(CN) – Europe’s high court rebuked Poland for allowing the sale of unauthorized foreign pharmaceuticals because they are cheaper.
The European Commission brought the action before the Court of Justice in Luxembourg, arguing that the Polish law runs afoul of an EU directive that no medicinal product may be placed on the market without the approval of the European Medicines Agency. The law provides for extenuating circumstances, which it calls “special needs,” provided the drugs are formulated in accordance with health care standards and are prescribed by a medical professional.
Poland has allowed the importation of foreign drugs that are cheaper but formulaically similar to EU-approved pharmaceuticals. The country argued that by focusing solely on price, the commission overlooked the conditions of “special needs,” the purpose of saving lives and safeguarding the health of patients. Poland also argued that its own law is actually more stringent than the EU directive since it requires the same active ingredients and dosing in the imported drugs as are found in EU-approved medicine.
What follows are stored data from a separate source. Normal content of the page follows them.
(* Assume there exist $\psi\in\mathcal B_{b,\gg}(\chi)$, $t_0>0$, $a>0$ and a submarkovian kernel $\tilde P$ with $\psi(x)\Lambda(dx)P_{t_0}(x,dy)=a\psi(y)\Lambda(dy)\tilde P(y,dx)$ as measures on $\chi\times\chi$. Let $\pi$ be a QSD of $(X_t)_{0\le t<\tau_\partial}$ with $\pi\ll\Lambda$, and suppose $(P_t)_{t\ge0}$ has a non-negative $L^1(\pi)$-right eigenfunction $\phi$ (i.e. $P_t\phi=\lambda(\pi)^t\phi$ $\pi$-a.e. for all $t$) with $\pi(\phi)=1$. Suppose further that $$\Big\|\frac{d\mathcal L_\mu(X_t\mid\tau_\partial>t)}{d\pi}-1\Big\|_{L^\infty(\pi)}\to0\ \ (t\to\infty)\quad\text{whenever }\mu\in\mathcal P_\infty(\pi)\text{ and }\mu(\phi)>0.$$ Then $\pi\in\mathcal P_\infty(\Lambda)$, i.e. $\pi$ has an essentially bounded density with respect to $\Lambda$.
   Context: $\chi$ is a metric space with Borel $\sigma$-algebra and a distinguished $\sigma$-finite Borel measure $\Lambda$ of full support. $(X_t)_{0\le t<\tau_\partial}$ is a killed Markov process on $\chi$ with absorption time $\tau_\partial$ and submarkovian semigroup $P_t(x,A)=\mathbb P_x(X_t\in A,\tau_\partial>t)$, acting on $L^1(\pi)$ by $P_tf(x)=\mathbb E_x[f(X_t)\mathbb 1(\tau_\partial>t)]$. A QSD is $\pi\in\mathcal P(\chi)$ with $\mathbb P_\pi(X_t\in\cdot\mid\tau_\partial>t)=\pi$ for all $t$; $\lambda(\pi)=\mathbb P_\pi(\tau_\partial>1)$. $\mathcal P_\infty(m)$ = probability measures $\ll m$ with density in $L^\infty(m)$. $\mathcal B_{b,\gg}(\chi)$ = bounded Borel functions with positive infimum. *)

From HB Require Import structures.
From mathcomp Require Import all_boot all_order all_algebra.
From mathcomp Require Import all_classical all_reals all_analysis.
Set Implicit Arguments. Unset Strict Implicit. Unset Printing Implicit Defensive.
Import Order.TTheory GRing.Theory Num.Theory.
Import numFieldNormedType.Exports.
Local Open Scope classical_set_scope.
Local Open Scope ring_scope.

Definition pointed_at (M : choiceType) (x0 : M) : Type := M.
Section pointed_at.
Variables (M : choiceType) (x0 : M).
HB.instance Definition _ := Choice.on (pointed_at x0).
HB.instance Definition _ := isPointed.Build (pointed_at x0) x0.
End pointed_at.

Definition borel_space (R : realType) (M : metricType R) (x0 : M) :=
  g_sigma_algebraType (@open M : set (set (@pointed_at M x0))).

(* The state space chi: a metric space M (assumed nonempty, witnessed by x0,
   which is only used to equip the carrier with a point) endowed with its
   Borel sigma-algebra (generated by the open sets of M). *)

Local Open Scope ereal_scope.

Section defs.
Variables (d : measure_display) (T : measurableType d) (R : realType).

Definition in_Pinfty (m : {measure set T -> \bar R}) (mu : set T -> \bar R) :=
  exists g : T -> R,
    [/\ measurable_fun setT g, (forall x, (0 <= g x)%R),
        (exists C : R, {ae m, forall x, (g x <= C)%R}) &
        (forall A, measurable A -> mu A = \int[m]_(x in A) (g x)%:E)].
Lemma l1dist_cons n x y :
  l1dist (S n) x y = Rabs (x 0%nat - y 0%nat) + l1dist n (fun i => x (S i)) (fun i => y (S i)).
Proof.
  induction n as [|n IH]; [simpl; ring|].
  change (l1dist (S (S n)) x y) with (l1dist (S n) x y + Rabs (x (S n) - y (S n))).
  rewrite IH. simpl. ring.
Qed.

Lemma l1dist_ge0 n x y : 0 <= l1dist n x y.
Proof. induction n; simpl; [lra|]. pose proof (Rabs_pos (x n - y n)). lra. Qed.

Lemma Rabs_coord_le_l1dist n x y i : (i < n)%nat -> Rabs (x i - y i) <= l1dist n x y.
Proof.
  induction n as [|n IH]; intros Hi; [lia|]. simpl.
  pose proof (Rabs_pos (x n - y n)). pose proof (l1dist_ge0 n x y).
  destruct (Nat.eq_dec i n) as [->|Hne]; [lra|]. pose proof (IH ltac:(lia)). lra.
Qed.

Lemma l1dist_triangle n u v w : l1dist n u w <= l1dist n u v + l1dist n v w.
Proof.
  induction n; simpl; [lra|].
  pose proof (Rabs_triang (u n - v n) (v n - w n)).
  replace (u n - v n + (v n - w n)) with (u n - w n) in H by ring. lra.
Qed.

Lemma l1dist_le n u v h :
  (forall i, (i < n)%nat -> Rabs (u i - v i) <= h) -> l1dist n u v <= INR n * h.
Proof.
  induction n as [|n IH]; intros H; [simpl; lra|].
  change (l1dist (S n) u v) with (l1dist n u v + Rabs (u n - v n)). rewrite S_INR.
  pose proof (IH (fun i Hi => H i ltac:(lia))). pose proof (H n ltac:(lia)). lra.
Qed.

Lemma l1dist_sym n x y : l1dist n x y = l1dist n y x.
Proof. induction n; simpl; [reflexivity|]. rewrite IHn, Rabs_minus_sym. reflexivity. Qed.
The high court, however, ruled that the directive provides for harmonization of the market, which “enables cost-efficient and non-discriminatory market access, while ensuring that the requirements of safeguarding public health are achieved.”
Any deviation from the directive “must remain exceptional in order to preserve the practical effect of the marketing authorization procedure,” according to the court.
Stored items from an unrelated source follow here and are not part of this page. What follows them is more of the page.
(* cost of K = E_{L ~ P_k} [d_k(K, L)] with P uniform on the element points:
   L ranges uniformly over the N^k tuples of elements. *)
Definition rp_cost (R : realType) (N m : nat) (S : 'I_m -> {set 'I_N}) (eps : R)
  (k : nat) (K : 'I_k -> rp_point N m) : R :=
  (N%:R ^+ k)^-1 *
  \sum_(L : {ffun 'I_k -> 'I_N})
     match_dist (rp_dist S eps) K (fun i => inl (L i)).

From HB Require Import structures.
From mathcomp Require Import all_boot all_order all_algebra.
From mathcomp Require Import fingroup perm.
From mathcomp Require Import reals sequences exp.
From mathcomp Require Import ring lra.

(* Write T_1, ..., T_l for the chosen sets. Matching T_i with an element u costs 1 if
   u \in T_i and 2 - eps otherwise, so under any matching d_l(K, L) equals
   l (2 - eps) - (1 - eps) times the number of hits u \in T_i. An element covered by two
   or more T_i may be hit at each of its occurrences in L, but an element covered by a
   single T_j can only be hit through T_j, so the hits at such elements are at most the
   number of T_j whose private part meets L. Hence the mean number of hits is at most l beta + sum_j (1 - (1 - q_j)^l),
   where beta and q_j are the densities of the multiply covered elements and of the
   private part of T_j. Bounding each (1 - q_j)^l from below by its tangent at
   1 - a/l, a = 1 - 2/e, leaves a linear program in alpha = sum_j q_j and beta, subject to
   the covering hypothesis alpha + beta <= 1 - 1/e + eps and the size count
   alpha + 2 beta <= 1. Its optimum, together with (1 - a/l)^l >= e^-a - 2 eps (this is
   where the lower bound on eps enters), gives the claim. *)

Set Implicit Arguments. Unset Strict Implicit. Unset Printing Implicit Defensive.
Import Order.TTheory GRing.Theory Num.Theory.

Lemma sum_boolE (T : finType) (A : {pred T}) : \sum_x (x \in A) = #|A|.
Proof. by rewrite -sum1_card [RHS]big_mkcond; apply: eq_bigr => x _; case: (x \in A). Qed.

Section FfunCounting.
Variables I T : finType.

Lemma sum_ffun_forall (b : I -> pred T) :
  \sum_(f : {ffun I -> T}) [forall i, b i (f i)] = \prod_i #|b i|.
Proof.
under eq_bigr => i _ do rewrite -sum_boolE.
rewrite bigA_distr_bigA /=; apply: eq_bigr => f _.
have [/forallP b_f | /forallPn [i nb_fi]] := boolP [forall i, b i (f i)].
  by rewrite big1 // => i _; rewrite unfold_in b_f.
by rewrite (bigD1 i) //= unfold_in (negbTE nb_fi).
Qed.

Lemma sum_ffun_mem (A : {set T}) (i : I) :
  \sum_(f : {ffun I -> T}) (f i \in A) = #|A| * #|T| ^ #|I|.-1.
Proof.
pose b j : pred T := fun x => (j != i) || (x \in A).
rewrite (eq_bigr (fun f : {ffun I -> T} => [forall j, b j (f j)] : nat)); last first.
  move=> f _; congr nat_of_bool; apply/idP/forallP => [fiA j | /(_ i)].
    by rewrite /b; case: eqP => // ->.
  by rewrite /b eqxx.
rewrite sum_ffun_forall (bigD1 i) //=; congr (_ * _).
  by apply: eq_card => x; rewrite unfold_in /b eqxx.
rewrite (eq_bigr (fun _ => #|T|)) => [|j ji]; last first.
  by apply: eq_card => x; rewrite unfold_in /b ji.
by rewrite prod_nat_const cardC1.
Qed.

Lemma sum_ffun_exists (A : {set T}) :
  \sum_(f : {ffun I -> T}) [exists i, f i \in A] = #|T| ^ #|I| - (#|T| - #|A|) ^ #|I|.
Proof.
have none : \sum_(f : {ffun I -> T}) [forall i, f i \notin A] = (#|T| - #|A|) ^ #|I|.
  rewrite (sum_ffun_forall (fun _ => [predC A])) prod_nat_const.
  by rewrite -(cardC A) addKn.
have all : \sum_(f : {ffun I -> T}) 1 = #|T| ^ #|I| by rewrite sum1_card card_ffun.
rewrite -none -all -sumnB => [|f _]; last by case: [forall i, _].
by apply: eq_bigr => f _; rewrite -negb_exists; case: [exists i, _].
Qed.

End FfunCounting.

Section Hits.
Variables (N m l : nat) (S : 'I_m -> {set 'I_N}) (K : 'I_l -> 'I_m).

Definition cover_count (u : 'I_N) : nat := \sum_i (u \in S (K i)).
Definition once_covered : {set 'I_N} := [set u | cover_count u == 1].
Definition multi_covered : {set 'I_N} := [set u | 1 < cover_count u].
Definition private_part (i : 'I_l) : {set 'I_N} := S (K i) :&: once_covered.
Definition hit_bound (L : {ffun 'I_l -> 'I_N}) : nat :=
  \sum_i (L i \in multi_covered) + \sum_i [exists i', L i' \in private_part i].

Lemma cover_count_gt0 u : (0 < cover_count u) = (u \in \bigcup_i S (K i)).
Proof.
by rewrite /cover_count sum_boolE; apply/card_gt0P/bigcupP => [[i ui] | [i _ ui]];
  exists i.
Qed.

Lemma sum_card_private : \sum_i #|private_part i| = #|once_covered|.
Proof.
under eq_bigr => i _ do rewrite -sum_boolE.
rewrite exchange_big -sum_boolE; apply: eq_bigr => u _.
under eq_bigr => i _ do rewrite inE.
have [u_once | _] := boolP (u \in once_covered); last first.
  by rewrite big1 // => i _; rewrite andbF.
under eq_bigr => i _ do rewrite andbT.
by move: u_once; rewrite inE => /eqP.
Qed.

Lemma card_once_multi_le_cover :
  #|once_covered| + #|multi_covered| <= #|\bigcup_i S (K i)|.
Proof.
rewrite -!sum_boolE -big_split /=; apply: leq_sum => u _.
by rewrite !inE -cover_count_gt0; case: cover_count => [|[|c]].
Qed.

Lemma card_once_double_multi_le :
  #|once_covered| + 2 * #|multi_covered| <= \sum_i #|S (K i)|.
Proof.
under [X in _ <= X]eq_bigr => i _ do rewrite -sum_boolE.
rewrite exchange_big -!sum_boolE big_distrr -big_split /=; apply: leq_sum => u _.
by rewrite !inE -/(cover_count u); case: cover_count => [|[|c]].
Qed.

Lemma hits_le_hit_bound (L : {ffun 'I_l -> 'I_N}) (s : 'S_l) :
  \sum_i (L (s i) \in S (K i)) <= hit_bound L.
Proof.
rewrite /hit_bound [X in _ <= X + _](reindex_inj (@perm_inj _ s)) /= -big_split /=.
apply: leq_sum => i _.
have [hit | //] := boolP (L (s i) \in S (K i)).
have [// | not_multi] := boolP (L (s i) \in multi_covered).
rewrite add0n lt0b; apply/existsP; exists (s i); rewrite !inE hit /=.
have : 0 < cover_count (L (s i)) by rewrite cover_count_gt0; apply/bigcupP; exists i.
by move: not_multi; rewrite inE; case: cover_count => [|[|c]].
Qed.

Lemma sum_hit_bound :
  \sum_(L : {ffun 'I_l -> 'I_N}) hit_bound L =
  l * (#|multi_covered| * N ^ l.-1) + \sum_i (N ^ l - (N - #|private_part i|) ^ l).
Proof.
rewrite big_split /=; congr (_ + _); rewrite exchange_big /=.
  under eq_bigr => i _ do rewrite sum_ffun_mem !card_ord.
  by rewrite sum_nat_const card_ord.
by apply: eq_bigr => i _; rewrite sum_ffun_exists !card_ord.
Qed.

Local Open Scope ring_scope.
Variable R : realType.

Lemma sum_rp_dist_match (eps : R) (L : {ffun 'I_l -> 'I_N}) (s : 'S_l) :
  \sum_i rp_dist S eps (inr (K i)) (inl (L (s i))) =
  l%:R * (2 - eps) - (1 - eps) * (\sum_i (L (s i) \in S (K i)) : nat)%:R.
Proof.
rewrite (eq_bigr (fun i => 2 - eps - (1 - eps) * (L (s i) \in S (K i) : nat)%:R)); last first.
  by move=> i _ /=; case: (_ \in _) => /=; ring.
by rewrite sumrB sumr_const card_ord -mulr_sumr -natr_sum mulr_natl.
Qed.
A special need, in the court’s eyes, “applies only to individual situations justified by medical considerations and presupposes that the medicinal product is necessary to meet the needs of the patient.”
“Where medicinal products having the same active substances, the same dosage and the same form as those which the doctor providing treatment considers that he must prescribe to treat his patients are already authorized and available on the national market, there cannot in fact be a question of ‘special needs'” under the EU directive, the Thursday decision states.
The financial considerations of patients or state health care providers are not, of themselves, special needs as defined by the directive, according to the court.
Poland’s law on medicinal products does not satisfy the conditions required to meet the special needs derogation, and “none of the other arguments put forward by the Republic of Poland is capable of calling that finding into question,” the court ruled.
The directive does not address national health care systems or their financial stability. Rather, it addresses exceptional cases in which it is appropriate to meet special medical needs, the court said.
All member states are “competent to set the price of medicinal products and the level of reimbursement by the national heath insurance scheme, on the basis of health, economic and social conditions,” according to the decision. They cannot rely on the directive to justify financially based medicinal decisions.